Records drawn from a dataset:

★ ★ ★ ★ ★

Lemma fg_connected_preimage (B A : FinGraph) (f : fv B -> fv A) :
  epimorphism f -> monotone f ->
  forall Q : {set fv A}, fg_connected Q -> fg_connected [set b | f b \in Q].
Proof.
move=> [f_onto fE] f_mono Q cQ [U [W [UW dUW U0 W0 noUW]]].
have inUW b : (b \in U) || (b \in W) = (f b \in Q).
  by rewrite -finset.in_setU UW inE.
have fibres_split u w : u \in U -> w \in W -> f u <> f w.
  move=> uU wW fuw; apply: (f_mono (f u)).
  exists [set b in U | f b == f u], [set b in W | f b == f u]; split.
  - apply/setP => b; rewrite !inE.
    have [fbu|] := eqVneq (f b) (f u); last by rewrite !andbF.
    by rewrite !andbT inUW fbu -(inUW u) uU.
  - by apply: disjoint_setP => b; rewrite !inE => /andP [/(disjointFr dUW) ->].
  - by apply/card_gt0P; exists u; rewrite !inE uU eqxx.
  - by apply/card_gt0P; exists w; rewrite !inE wW fuw eqxx.
  - by move=> b1 b2; rewrite !inE => /andP [b1U _] /andP [b2W _]; exact: noUW.
apply: cQ; exists (f @: U), (f @: W); split.
- apply/setP => q; rewrite finset.in_setU; apply/idP/idP.
    by case/orP => /imsetP [b bU ->]; rewrite -inUW bU ?orbT.
  move=> qQ; have [b fbq] := f_onto q; rewrite -fbq -inUW in qQ.
  by rewrite -fbq; case/orP: qQ => H; rewrite (imset_f f H) ?orbT.
- by apply: disjoint_setP => q /imsetP [u uU ->] /imsetP [w wW]; exact: fibres_split.
- by have /card_gt0P [u uU] := U0; apply/card_gt0P; exists (f u); exact: imset_f.
- by have /card_gt0P [w wW] := W0; apply/card_gt0P; exists (f w); exact: imset_f.
- move=> q1 q2 /imsetP [u uU ->] /imsetP [w wW ->]; apply/negP.
  move=> /fE [b1 [b2 [fb1 fb2 e12]]].
  have /orP [b1U|b1W] : (b1 \in U) || (b1 \in W) by rewrite inUW fb1 -inUW uU.
    have /orP [b2U|b2W] : (b2 \in U) || (b2 \in W) by rewrite inUW fb2 -inUW wW orbT.
      by apply: (fibres_split b2 w) => //; rewrite fb2.
    by move: (noUW _ _ b1U b2W); rewrite e12.
  by apply: (fibres_split u b1) => //; rewrite fb1.
Qed.

Lemma fg_connected_connect (G : FinGraph) (r : rel (fv G)) (s0 : fv G) :
  subrel r (@fe G) -> fg_connected [set t | connect r s0 t].
Proof.
move=> r_fe [U [W [UW dUW U0 W0 noUW]]].
have inS t : connect r s0 t = (t \in U) || (t \in W).
  by rewrite -finset.in_setU UW inE.
wlog s0U : U W UW dUW U0 W0 noUW inS / s0 \in U => [wlog|].
  have := inS s0; rewrite connect0 => /esym /orP [s0U|s0W]; first exact: (wlog U W).
  apply: (wlog W U) => //; first by rewrite finset.setUC.
  - by rewrite disjoint_sym.
  - by move=> w u wW uU; rewrite fe_sym; exact: noUW.
  - by move=> t; rewrite inS orbC.
have /card_gt0P [w wW] := W0.
suff : w \in U by rewrite (disjointFl dUW wW).
suff in_U x p : x \in U -> connect r s0 x -> path r x p -> w = last x p -> w \in U.
  have /connectP [p] : connect r s0 w by rewrite inS wW orbT.
  exact: in_U s0U (connect0 r s0).
elim: p x => [|y p IH] x xU s0x /=; first by move=> _ ->.
case/andP => rxy; have s0y : connect r s0 y := connect_trans s0x (connect1 rxy).
apply: (IH y) => //; have := inS y; rewrite s0y => /esym /orP [//|yW].
by move: (noUW x y xU yW); rewrite r_fe.
Qed.

Section SplitSides.
Variables (G : FinGraph) (a b : fv G).

Definition split_e_old (s t : option (fv G)) : bool :=
  [&& s != None, t != None & split_e a b s t].

Lemma split_e_old_sym : symmetric split_e_old.
Proof. by move=> s t; rewrite /split_e_old split_e_sym andbCA andbA. Qed.

Lemma split_e_oldW : subrel split_e_old (split_e a b).
Proof. by move=> s t /and3P []. Qed.

Lemma connect_split_e_old_None s : connect split_e_old s None -> s = None.
Proof.
case/connectP => p; case/lastP: p => [_ -> //|p t].
by rewrite rcons_path last_rcons => /andP [_ /and3P [_ tN _]] tE; rewrite -tE in tN.
Qed.

Lemma path_split_e_old_None s p : path split_e_old s p -> None \notin p.
Proof.
elim: p s => //= t p IH s /andP [/and3P [_ tN _] /IH pN].
by rewrite in_cons negb_or eq_sym tN.
Qed.

Lemma split_e_old_cover : fg_connected [set: fv (split_graph a b)] ->
  forall v, connect split_e_old (Some v) (Some a) || connect split_e_old (Some v) (Some b).
Proof.
move=> cS v; apply/idPn => v_far; apply: cS.
pose near_ab t :=
  [|| t == None, connect split_e_old t (Some a) | connect split_e_old t (Some b)].
exists [set t | near_ab t], [set t | ~~ near_ab t]; split.
- by apply/setP => t; rewrite !inE orbN.
- by apply: disjoint_setP => t; rewrite !inE => ->.
- by apply/card_gt0P; exists None; rewrite inE /near_ab eqxx.
- by apply/card_gt0P; exists (Some v); rewrite inE.
move=> s [w|]; rewrite !inE /near_ab ?eqxx //= => s_ab w_far; apply/negP => e.
case: s s_ab e => [u|] /= s_ab e; last first.
  by case/orP: e w_far => /eqP ->; rewrite connect0 ?orbT.
have ewu : split_e_old (Some w) (Some u) by rewrite split_e_old_sym /split_e_old.
case/orP: s_ab w_far => [ua|ub]; apply/negP/negPn.
  by rewrite (connect_trans (connect1 ewu) ua).
by rewrite (connect_trans (connect1 ewu) ub) orbT.
Qed.

Lemma split_e_old_separated : acyclic (split_graph a b) -> a != b ->
  ~~ connect split_e_old (Some a) (Some b).
Proof.
move=> acyc ab; apply/negP => /connectP [p p_path p_last].
case: (shortenP p_path) p_last => q q_path q_uniq _ q_last.
apply: acyc; exists [:: None, Some a & q]; split.
- by case: q {q_path q_uniq} q_last => //= [[ba]]; rewrite ba eqxx in ab.
- by rewrite cons_uniq q_uniq andbT in_cons /= (path_split_e_old_None q_path).
rewrite /cycle rcons_cons /= eqxx /= rcons_path -q_last /= eqxx orbT andbT.
by apply: sub_path q_path; exact: split_e_oldW.
Qed.

End SplitSides.

Lemma split_e_old_swap (G : FinGraph) (a b : fv G) :
  split_e_old a b =2 split_e_old b a.
Proof. by move=> [u|] [v|] //; rewrite /split_e_old /= [X in ~~ X]orbC. Qed.

Local Open Scope classical_set_scope.

Section Threads.
Variables (F : nat -> FinGraph) (g : forall n, fv (F n.+1) -> fv (F n)).

Definition coord (z : thread g) n : fv (F n) := proj1_sig z n.

Lemma coordP (z : thread g) n : g (coord z n.+1) = coord z n.
Proof. exact: (proj2_sig z n). Qed.

Lemma thread_inj (z z' : thread g) : (forall n, coord z n = coord z' n) -> z = z'.
Proof.
by case: z z' => [z hz] [z' hz'] E; apply: eq_exist; exact: functional_extensionality_dep.
Qed.

Lemma coord_eq_le (z z' : thread g) N : coord z N = coord z' N ->
  forall i, (i <= N)%N -> coord z i = coord z' i.
Proof.
elim: N => [E i|N IH E i]; first by rewrite leqn0 => /eqP ->.
rewrite leq_eqVlt => /orP [/eqP -> //|]; rewrite ltnS; apply: IH.
by rewrite -coordP E coordP.
Qed.

Lemma coord_neq_near (z z' : thread g) : z <> z' ->
  \forall n \near \oo, coord z n != coord z' n.
Proof.
move=> zz'; have [i /eqP zz'_i] : exists i, coord z i <> coord z' i.
  apply: contrapT => /forallNP same; apply: zz'; apply: thread_inj => i.
  exact: contrapT (same i).
exists i => // n /= le_in; apply: contra_neq zz'_i => E.
exact: coord_eq_le E i le_in.
Qed.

★ ★ ★ ★ ★

Among the lines above, show every one that contains the string "Definition".

Definition split_e_old (s t : option (fv G)) : bool :=
Definition coord (z : thread g) n : fv (F n) := proj1_sig z n.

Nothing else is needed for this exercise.